Cycling Activity to Participate In
Your cycling activity can be posted here and it will be shown in all the Provincial, City, Municipal and Barangay pages. Your 2015 Cycling Race or Activity can be Posted here.
- ILOILO CITY, April 27-May 2, 2015 (PNA) – Some 5,000 bikers are expected to join the second Iloilo Bike Festival slated April 27-May 2, 2015 as the city continues to aspire to become a bike-able walkable metropolis. The activity that supported by the John B. Lacson Foundation Maritime University (JBLFMU) and Megaworld Iloilo aims to promote Iloilo as a safe and bike friendly city, promote the share-a-road movement encourage Ilonggos to commute via biking and raise Ilonggos awareness on the benefits of biking on health, safety and environment concerns. Read More....
- CYCLING Le Tour de Filipinas 2015 set as country celebrates 60 years of top-caliber cycling Feb 1 to Feb 4 2015 - View the result of the race: A four stage race. Stage 1 starts in Balanga and back to Balanga for a 126K race Feb 1, 2015 (Sunday); stage 2 starts in Balanga, Bataan to Iba, Zambales for a 154.7 K race Feb 2, 2015 (Monday); stage 3 starts in Iba, Zambales to Lingayen, Pangasinan for a 150.1K race Feb 3, 2015 (Tuesday); stage 4 starts in Lingayen, Pangasinan to Baguio City, Benguet for a 101.7K race Feb 4, 2015 (Wednesday). For a total distance of 532.5 Kms. Read More >>>
- Ronda Pilipinas: Feb 8 - 27 2015:>> Discovering young riders for the national team will be the main objective of the LBC Ronda Pilipinas 2015 when the country’s premiere cycling race hits the road on Feb. 8 in Butuan City. Ronda Pilipinas executive project director Moe Chulani said the international multistage bikathon, which ends on Feb. 27, will have two qualifying legs of four stages each in Mindanao and the Visayas where the top riders will advance to face a tough foreign challenge in the six-stage Luzon finale. Read More>>>
The oldest living man or woman in Palawan, Philippines
Do you know who the oldest living man or woman is in Palawan? Zamboanga.com is starting this inquiry in order to honor the older generation of the Philippines. Please provide the full name and date of birth of the elder living in Palawan. We will then post your entry in the Oldest Living Man or Woman in the Philippines page.
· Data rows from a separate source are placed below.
(* Let $S=(s_{jl})\in\mathbb{C}^{4\times4}$ be Hermitian and $\varepsilon\in\{1,-1\}$. If $\max\{p(\theta_1,\theta_2)^2-q(\theta_1,\theta_2):\theta_1,\theta_2\in(-\pi,\pi]\}=0$, then $S$ is diagonal, $S=\operatorname{diag}(s_{11},s_{22},s_{33},s_{44})$, and $s_{11}+s_{22}-s_{33}-s_{44}=0$.
   Context: Let $S=(s_{jl})_{j,l=1}^4$ be a Hermitian $4\times4$ complex matrix (so $s_{jj}\in\mathbb{R}$ and $s_{lj}=\overline{s_{jl}}$) and $\varepsilon\in\{1,-1\}$. For $\theta_1,\theta_2\in\mathbb{R}$ define $$p=-\tfrac12\Big[s_{11}+s_{22}+s_{33}+s_{44}+2\varepsilon\operatorname{Re}(s_{12}\mathrm{e}^{i\theta_1})+2\varepsilon\operatorname{Re}(s_{34}\mathrm{e}^{i\theta_2})\Big],$$ $$\begin{aligned}q={}&-\big(|s_{13}|^2-s_{11}s_{33}+|s_{14}|^2-s_{11}s_{44}+|s_{23}|^2-s_{22}s_{33}+|s_{24}|^2-s_{22}s_{44}\big)\\&-2\varepsilon\Big[-(s_{33}+s_{44})\operatorname{Re}(s_{12}\mathrm{e}^{i\theta_1})+\operatorname{Re}\big((s_{13}\overline{s_{23}}+s_{14}\overline{s_{24}})\mathrm{e}^{i\theta_1}\big)\\&\qquad-(s_{11}+s_{22})\operatorname{Re}(s_{34}\mathrm{e}^{i\theta_2})+\operatorname{Re}\big((\overline{s_{13}}s_{14}+\overline{s_{23}}s_{24})\mathrm{e}^{i\theta_2}\big)\Big]\\&-2\operatorname{Re}\big((s_{14}\overline{s_{23}}-s_{12}s_{34})\mathrm{e}^{i(\theta_1+\theta_2)}\big)-2\operatorname{Re}\big((s_{13}\overline{s_{24}}-s_{12}\overline{s_{34}})\mathrm{e}^{i(\theta_1-\theta_2)}\big).\end{aligned}$$ *)

From Stdlib Require Import Reals.
Open Scope R_scope.

Definition C : Type := (R * R)%type.
Definition Cre (z : C) : R := fst z.
Definition Cim (z : C) : R := snd z.
Definition C0 : C := (0, 0).
Definition Cadd (z w : C) : C := (fst z + fst w, snd z + snd w).
Definition Csub (z w : C) : C := (fst z - fst w, snd z - snd w).
Definition Cmul (z w : C) : C :=
  (fst z * fst w - snd z * snd w, fst z * snd w + snd z * fst w).
Definition Cconj (z : C) : C := (fst z, - snd z).
Definition Cnorm2 (z : C) : R := fst z * fst z + snd z * snd z.
Definition Cexpi (t : R) : C := (cos t, sin t).

(* A 4x4 complex matrix, entries S j l for j, l in {1,2,3,4}. *)
Definition Mat4 : Type := nat -> nat -> C.

Definition Hermitian4 (S : Mat4) : Prop :=
  forall j l, (1 <= j <= 4)%nat -> (1 <= l <= 4)%nat -> S l j = Cconj (S j l).

Definition ReE (z : C) (t : R) : R := Cre (Cmul z (Cexpi t)).

Definition p_fun (S : Mat4) (eps t1 t2 : R) : R :=
  - / 2 * (Cre (S 1%nat 1%nat) + Cre (S 2%nat 2%nat) + Cre (S 3%nat 3%nat)
           + Cre (S 4%nat 4%nat)
           + 2 * eps * ReE (S 1%nat 2%nat) t1 + 2 * eps * ReE (S 3%nat 4%nat) t2).

Definition q_fun (S : Mat4) (eps t1 t2 : R) : R :=
  let s := fun j l : nat => S j l in
  let d := fun j : nat => Cre (S j j) in
  - (Cnorm2 (s 1 3)%nat - d 1%nat * d 3%nat + Cnorm2 (s 1 4)%nat - d 1%nat * d 4%nat
     + Cnorm2 (s 2 3)%nat - d 2%nat * d 3%nat + Cnorm2 (s 2 4)%nat - d 2%nat * d 4%nat)
  - 2 * eps *
    ( - (d 3%nat + d 4%nat) * ReE (s 1 2)%nat t1
      + ReE (Cadd (Cmul (s 1 3)%nat (Cconj (s 2 3)%nat))
                  (Cmul (s 1 4)%nat (Cconj (s 2 4)%nat))) t1
      - (d 1%nat + d 2%nat) * ReE (s 3 4)%nat t2
      + ReE (Cadd (Cmul (Cconj (s 1 3)%nat) (s 1 4)%nat)
                  (Cmul (Cconj (s 2 3)%nat) (s 2 4)%nat)) t2)
  - 2 * ReE (Csub (Cmul (s 1 4)%nat (Cconj (s 2 3)%nat)) (Cmul (s 1 2)%nat (s 3 4)%nat))
            (t1 + t2)
  - 2 * ReE (Csub (Cmul (s 1 3)%nat (Cconj (s 2 4)%nat))
                  (Cmul (s 1 2)%nat (Cconj (s 3 4)%nat)))
            (t1 - t2).

Definition f_fun (S : Mat4) (eps t1 t2 : R) : R :=
  p_fun S eps t1 t2 ^ 2 - q_fun S eps t1 t2.

Definition in_period (t : R) : Prop := - PI < t <= PI.

Definition max_is_zero (S : Mat4) (eps : R) : Prop :=
  (forall t1 t2, in_period t1 -> in_period t2 -> f_fun S eps t1 t2 <= 0) /\
  (exists t1 t2, in_period t1 /\ in_period t2 /\ f_fun S eps t1 t2 = 0).

(** For fixed angles, [p] and [q] are the coefficients of [x^2 + 2 p x + q], the
    characteristic polynomial of the Hermitian matrix [[alpha, beta], [beta^*, delta]], which
    is twice the compression of [S] to the plane spanned by two orthonormal vectors built from
    [e^{i theta_1}] and [e^{i theta_2}].  Hence [p^2 - q = ((alpha - delta)/2)^2 + |beta|^2 >= 0],
    so a maximum equal to [0] forces [alpha = delta] and [beta = 0] for all angles.  Evaluating
    at the angles [0], [pi] and [pi/2] kills every off-diagonal entry of [S] and gives
    [s11 + s22 = s33 + s44]. *)

From Pilot Require Import Defs.
From Stdlib Require Import Reals Lra Lia.
Open Scope R_scope.

Definition alpha (S : Mat4) (eps t1 : R) : R :=
  Cre (S 1%nat 1%nat) + Cre (S 2%nat 2%nat) + 2 * eps * ReE (S 1%nat 2%nat) t1.

Definition delta (S : Mat4) (eps t2 : R) : R :=
  Cre (S 3%nat 3%nat) + Cre (S 4%nat 4%nat) + 2 * eps * ReE (S 3%nat 4%nat) t2.

Definition beta (S : Mat4) (eps t1 t2 : R) : Defs.C :=
  Cadd (Cadd (S 1%nat 3%nat) (Cmul (eps, 0) (Cmul (Cexpi t2) (S 1%nat 4%nat))))
       (Cadd (Cmul (eps, 0) (Cmul (Cconj (Cexpi t1)) (S 2%nat 3%nat)))
             (Cmul (Cmul (Cexpi t2) (Cconj (Cexpi t1))) (S 2%nat 4%nat))).

Lemma f_fun_discriminant (S : Mat4) (eps t1 t2 : R) :
  eps ^ 2 = 1 ->
  f_fun S eps t1 t2 = ((alpha S eps t1 - delta S eps t2) / 2) ^ 2 + Cnorm2 (beta S eps t1 t2).
Proof.
  intros Heps.
  unfold f_fun, p_fun, q_fun, alpha, delta, beta, ReE, Cexpi.
  rewrite cos_plus, sin_plus, cos_minus, sin_minus.
  assert (H1 : sin t1 ^ 2 = 1 - cos t1 ^ 2) by (rewrite <- (sin2_cos2 t1); unfold Rsqr; ring).
  assert (H2 : sin t2 ^ 2 = 1 - cos t2 ^ 2) by (rewrite <- (sin2_cos2 t2); unfold Rsqr; ring).
  destruct (S 1%nat 1%nat) as [x11 y11], (S 2%nat 2%nat) as [x22 y22],
    (S 3%nat 3%nat) as [x33 y33], (S 4%nat 4%nat) as [x44 y44],
    (S 1%nat 2%nat) as [x12 y12], (S 1%nat 3%nat) as [x13 y13],
    (S 1%nat 4%nat) as [x14 y14], (S 2%nat 3%nat) as [x23 y23],
    (S 2%nat 4%nat) as [x24 y24], (S 3%nat 4%nat) as [x34 y34].
  unfold Cre, Cmul, Cadd, Csub, Cconj, Cnorm2; cbn [fst snd]; cbv zeta; unfold Rdiv.
  (* Fully expanded, the two sides differ only modulo [eps^2 = 1] and [sin^2 + cos^2 = 1]. *)
  apply Rminus_diag_uniq.
  ring_simplify.
  rewrite H1, H2, Heps.
  field.
Qed.

Lemma sqr_add_Cnorm2_eq0 (a : R) (z : Defs.C) : a ^ 2 + Cnorm2 z <= 0 -> a = 0 /\ z = C0.
Proof.
  destruct z as [x y]; unfold Cnorm2, C0; cbn [fst snd]; intros H.
  assert (a = 0 /\ x = 0 /\ y = 0) as (-> & -> & ->) by (repeat split; nra).
  auto.
Qed.

Lemma max_is_zero_compression (S : Mat4) (eps : R) :
  eps ^ 2 = 1 -> max_is_zero S eps ->
  forall t1 t2, in_period t1 -> in_period t2 ->
  alpha S eps t1 = delta S eps t2 /\ beta S eps t1 t2 = C0.
Proof.
  intros Heps [Hle _] t1 t2 H1 H2.
  specialize (Hle t1 t2 H1 H2); rewrite f_fun_discriminant in Hle by exact Heps.
  destruct (sqr_add_Cnorm2_eq0 _ _ Hle) as [Hgap ->]; split; [lra | reflexivity].
Qed.

Lemma in_period_0 : in_period 0.
Proof. unfold in_period; pose proof PI_RGT_0; lra. Qed.

Lemma in_period_PI : in_period PI.
Proof. unfold in_period; pose proof PI_RGT_0; lra. Qed.

Lemma in_period_PI2 : in_period (PI / 2).
Proof. unfold in_period; pose proof PI_RGT_0; lra. Qed.

Lemma Cexpi_0 : Cexpi 0 = (1, 0).
Proof. unfold Cexpi; rewrite cos_0, sin_0; reflexivity. Qed.

Lemma Cexpi_PI : Cexpi PI = (-1, 0).
Proof. unfold Cexpi; rewrite cos_PI, sin_PI; reflexivity. Qed.

Lemma Cexpi_PI2 : Cexpi (PI / 2) = (0, 1).
Proof. unfold Cexpi; rewrite cos_PI2, sin_PI2; reflexivity. Qed.

Lemma C_eq0 (z : Defs.C) : fst z = 0 -> snd z = 0 -> z = C0.
Proof. destruct z; cbn; intros -> ->; reflexivity. Qed.

Section BlockEntries.

Variables (S : Mat4) (eps : R).
Hypothesis eps_sign : eps = 1 \/ eps = -1.

(* [beta] at [theta_i] in {0, pi} is a Hadamard-type signed sum of [s13, s14, s23, s24]. *)
Lemma beta_eq0_offblock :
  (forall t1 t2, in_period t1 -> in_period t2 -> beta S eps t1 t2 = C0) ->
  S 1%nat 3%nat = C0 /\ S 1%nat 4%nat = C0 /\ S 2%nat 3%nat = C0 /\ S 2%nat 4%nat = C0.
Proof.
  intros Hbeta.
  pose proof (Hbeta 0 0 in_period_0 in_period_0) as B1.
  pose proof (Hbeta PI 0 in_period_PI in_period_0) as B2.
  pose proof (Hbeta 0 PI in_period_0 in_period_PI) as B3.
  pose proof (Hbeta PI PI in_period_PI in_period_PI) as B4.
  unfold beta in B1, B2, B3, B4; rewrite ?Cexpi_0, ?Cexpi_PI in *.
  destruct (S 1%nat 3%nat) as [x13 y13], (S 1%nat 4%nat) as [x14 y14],
    (S 2%nat 3%nat) as [x23 y23], (S 2%nat 4%nat) as [x24 y24].
  unfold Cmul, Cadd, Cconj, C0 in B1, B2, B3, B4; cbn [fst snd] in B1, B2, B3, B4.
  injection B1; injection B2; injection B3; injection B4; intros.
  destruct eps_sign as [-> | ->]; repeat split; apply C_eq0; cbn; lra.
Qed.

Lemma alpha_eq_delta_block :
  (forall t1 t2, in_period t1 -> in_period t2 -> alpha S eps t1 = delta S eps t2) ->
  S 1%nat 2%nat = C0 /\ S 3%nat 4%nat = C0 /\
  Cre (S 1%nat 1%nat) + Cre (S 2%nat 2%nat) - Cre (S 3%nat 3%nat) - Cre (S 4%nat 4%nat) = 0.
Proof.
  intros Hbal.
  pose proof (Hbal 0 0 in_period_0 in_period_0) as A1.
  pose proof (Hbal PI 0 in_period_PI in_period_0) as A2.
  pose proof (Hbal 0 PI in_period_0 in_period_PI) as A3.
  pose proof (Hbal (PI / 2) 0 in_period_PI2 in_period_0) as A4.
  pose proof (Hbal 0 (PI / 2) in_period_0 in_period_PI2) as A5.
  unfold alpha, delta, ReE in A1, A2, A3, A4, A5.
  rewrite ?Cexpi_0, ?Cexpi_PI, ?Cexpi_PI2 in *.
  destruct (S 1%nat 2%nat) as [x12 y12], (S 3%nat 4%nat) as [x34 y34].
  unfold Cmul, Cre in *; cbn [fst snd] in *.
  destruct eps_sign as [-> | ->]; repeat split; try apply C_eq0; cbn; lra.
Qed.

End BlockEntries.

Lemma hermitian4_diagonal (S : Mat4) :
  Hermitian4 S ->
  S 1%nat 2%nat = C0 -> S 1%nat 3%nat = C0 -> S 1%nat 4%nat = C0 ->
  S 2%nat 3%nat = C0 -> S 2%nat 4%nat = C0 -> S 3%nat 4%nat = C0 ->
  forall j l, (1 <= j <= 4)%nat -> (1 <= l <= 4)%nat -> j <> l -> S j l = C0.
Proof.
  intros HS E12 E13 E14 E23 E24 E34.
  assert (Hupper : forall j l, (1 <= j <= 4)%nat -> (1 <= l <= 4)%nat -> (j < l)%nat ->
            S j l = C0).
  { intros j l Hj Hl Hjl.
    destruct j as [|[|[|[|[|j]]]]]; try lia; destruct l as [|[|[|[|[|l]]]]]; try lia; auto. }
  intros j l Hj Hl Hjl.
  destruct (Nat.lt_gt_cases j l) as [[Hlt | Hgt] _]; [exact Hjl | auto |].
  rewrite HS, Hupper by (auto || lia).
  apply C_eq0; cbn; lra.
Qed.

Theorem mainTheorem12 (S : Mat4) (eps : R) :
  Hermitian4 S ->
  (eps = 1 \/ eps = -1) ->
  max_is_zero S eps ->
  (forall j l, (1 <= j <= 4)%nat -> (1 <= l <= 4)%nat -> j <> l -> S j l = C0) /\
  Cre (S 1%nat 1%nat) + Cre (S 2%nat 2%nat) - Cre (S 3%nat 3%nat) - Cre (S 4%nat 4%nat) = 0.
Proof.
  intros HS Hsign Hmax.
  assert (Heps : eps ^ 2 = 1) by (destruct Hsign as [-> | ->]; ring).
  pose proof (max_is_zero_compression S eps Heps Hmax) as Hcomp.
  destruct (beta_eq0_offblock S eps Hsign) as (E13 & E14 & E23 & E24).
  { intros t1 t2 H1 H2; exact (proj2 (Hcomp t1 t2 H1 H2)). }
  destruct (alpha_eq_delta_block S eps Hsign) as (E12 & E34 & Htrace).
  { intros t1 t2 H1 H2; exact (proj1 (Hcomp t1 t2 H1 H2)). }
  split; [exact (hermitian4_diagonal S HS E12 E13 E14 E23 E24 E34) | exact Htrace].
Qed.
- Do this so your photo upload will be properly categorized for Palawan.
- Copy and paste the code below in "green" to the body or "Summary" of the image file that you are uploading.
[[Category:Palawan, Philippines Photo Gallery]]
Most of the contents in this site are from registered user collaborations. Information has also been taken from the Department of Tourism, Comelec, National Statistical Coordination Board, DILG: Department of the Interior and Local Government, (LGU) government sites, online news, and other content sites about the specific community. This page does not serve as the official website of the community but rather compliments and helps the community to promote tourism and attract investors.